Primer name | Sequence |
---|---|
PDX1 PromR1 F | ACGTTTCTGCAAAGCTGTCTAGTT |
PDX1 PromR1 R | GGCTTCAAACCATTCAGTAACTTC |
PDX1 PromR2 F | TGGCTGTGAACAAACTTCATAAAT |
PDX1 PromR2 R | CACCGTGGCTTAAAAGTTTCTATT |
NGN3 PromR1 F | TTGCTCCTAGCCTATCTTTCCTTA |
NGN3 PromR1 R | CTTTAGAATTCCTGGACCCTTCTC |
NGN3 PromR2 F | CTTCTGGTCGCCAAGTTCAG |
NGN3 PromR2 R | AGCAGATAAAGCGTGCCAAG |
INS-IGF2 PromR1 F | GGGAACATAGAGAAAGAGGTCTCA |
INS-IGF2 PromR1 R | AATTAATCTCAGCTTCCCCCTAAC |
INS PromR2 F | TTTATAGTCTCAGAGCCCATCTCC |
INS PromR2 R | CCCCTGGTTAAGACTCTAATGACC |
INS PromR3 F | GACCTCATCTTCCGTGTGATCT |
INS PromR3 R | CAGATGACACTATGGGGGTGAT |
Discussion
Taken together, we report that the action of the EZH2 inhibitor may facilitate the development of epigenetic compounds for β-cell regeneration. Not only are the data of direct clinical relevance, but our studies are also important to understand new mechanisms of gene regulation by pharmacological EZH2 inhibition.
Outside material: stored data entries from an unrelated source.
(* Let $I=(I_1,\dots,I_d)\in \mathcal I_d$ and $r,s\in [5]$ with $r\neq s$. Assume that the letter $r$ appears exactly once in each of $I_1,\ldots,I_c$ and does not appear in $I_{c+1},\ldots,I_{d}$. Then, for the adjoint action of $L_0$ on $U_-$, $x_s\partial _r. \omega_I=\sum_{b=1}^c \omega_{I^{b,s,r}}$, where $I^{b,s,r}$ is obtained from $I$ by replacing the letter $r$ in $I_b$ by $s$.
   Context: $L=E(5,10)$: even part the divergence-free formal vector fields in $x_1,\dots,x_5$, odd part the closed formal 2-forms; $d_{ij}=dx_i\wedge dx_j$ ($d_{ji}=-d_{ij}$, $d_{ii}=0$), and $[f d_{ij},g d_{kl}]=\varepsilon_{ijkl}fg\partial_{t_{ijkl}}$, where if $|\{i,j,k,l\}|=4$, $t_{ijkl}$ is the fifth element of $[5]$ and $\varepsilon_{ijkl}$ the sign of the permutation $(i,j,k,l,t_{ijkl})$, otherwise $\varepsilon_{ijkl}=0$. $L_0\cong\mathfrak{sl}_5$ is spanned by $x_i\partial_j$ ($i\ne j$) and $x_i\partial_i-x_j\partial_j$, and acts on $U_-=U(L_-)$, $L_-=\langle\partial_i\rangle\oplus\langle d_{ij}\rangle$, by the adjoint action $x.u=xu-ux$ (computed in $U(L)$). $\mathcal I_d$ is the set of $d$-tuples $I=(I_1,\dots,I_d)$ of ordered pairs $I_l=(i_l,j_l)\in[5]^2$; $d_I=d_{i_1j_1}\cdots d_{i_dj_d}$. For $k\neq l$ in $[d]$, $D_{\{k,l\}}(I)=\tfrac12(-1)^{k+l}\varepsilon_{i_kj_ki_lj_l}\partial_{t_{i_kj_ki_lj_l}}$. $\mathrm{SIF}_d$ is the set of sets $S$ of pairwise disjoint 2-element subsets of $[d]$; two disjoint pairs $\{k,l\},\{h,m\}$ cross if exactly one of $k,l$ is strictly between $h$ and $m$; $c(S)$ is the number of crossing pairs in $S$. $D_S(I)=\prod_{P\in S}D_P(I)$ ($D_\emptyset=1$), $C_S(I)$ is $I$ with all $I_j$, $j\in\bigcup S$, deleted, and $\omega_I=\sum_{S\in \mathrm{SIF}_d}(-1)^{c(S)}D_S(I)\,d_{C_S(I)}\in U_-$. *)

From HB Require Import structures.
From mathcomp Require Import all_boot all_order all_algebra.
Set Implicit Arguments. Unset Strict Implicit. Unset Printing Implicit Defensive.
Import Order.TTheory GRing.Theory Num.Theory.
There are significant limitations in the present study. First, the case is an isolated one, of a T1D child with hallmark islet damage and significant destruction of β-cells. Thus, it is unknown if the results will generalise. Nevertheless, it was possible to increase the expression of core β-cell determinants including insulin transcription in exocrine cells derived from two adult non-diabetic donors. Secondly, and equally important, it is unclear whether classic silencing of progenitor genes can be restored in long-standing diabetes. The ability to inhibit EZH2 and influence exocrine β-cell progenitor transcription to near non-diabetic mRNA levels suggests this is highly likely. In view of this evidence, this study is likely to influence research on using exocrine cells from the pancreas as a potential source to generate de novo insulin-producing β-cells and a new working hypothesis on β-cell plasticity. Furthermore, due consideration to the potential pharmacological interactions and unforeseen synergistic benefits warrant further study, which we predict will be an important area of study pertinent to exocrine regeneration and epigenetic research. While GSK126 is not licensed for diabetic mellitus the primary findings add to previous clinical reports demonstrating superior transcriptional reactivation by restoring histone content.18 Whether GSK126 treatment of exocrine cells restores the content of other histone modifications such as acetylation associated with the human insulin chromatin domain is unclear. Pharmacological EZH2 inhibition reduced trimethylation but failed to alter acetylation content at K27 of histone H3. The opportunity to investigate fresh exocrine tissue from a T1D donor and the availability of a pharmacological inhibitor of H3K27me3 have allowed better characterisation of the refractory nature of exocrine β-cell gene suppression.
Until now, the process of default suppression in the human pancreas was previously considered but challenging to study. The opportunity to investigate fresh tissue from donors, one diagnosed with childhood diabetes and the availability of a pharmacological compound that influence exocrine transcription, presumably by chromatinisation of the insulin gene cluster have allowed better characterisation of this still obscure aspect of exocrine competence. The stark reality of donor organ shortage limits widespread use of cadaveric pancreatic tissue in clinical epigenetics. This is complicated by the challenging nature of sourcing fresh tissue. While the results we have shown highlight the importance of human ex vivo research, we are also aware of the limitations in the study. Whether default transcriptional suppression reflect the epigenetic nature of genes in the pancreas and β-cell precursors needs to be confirmed in a larger series of studies.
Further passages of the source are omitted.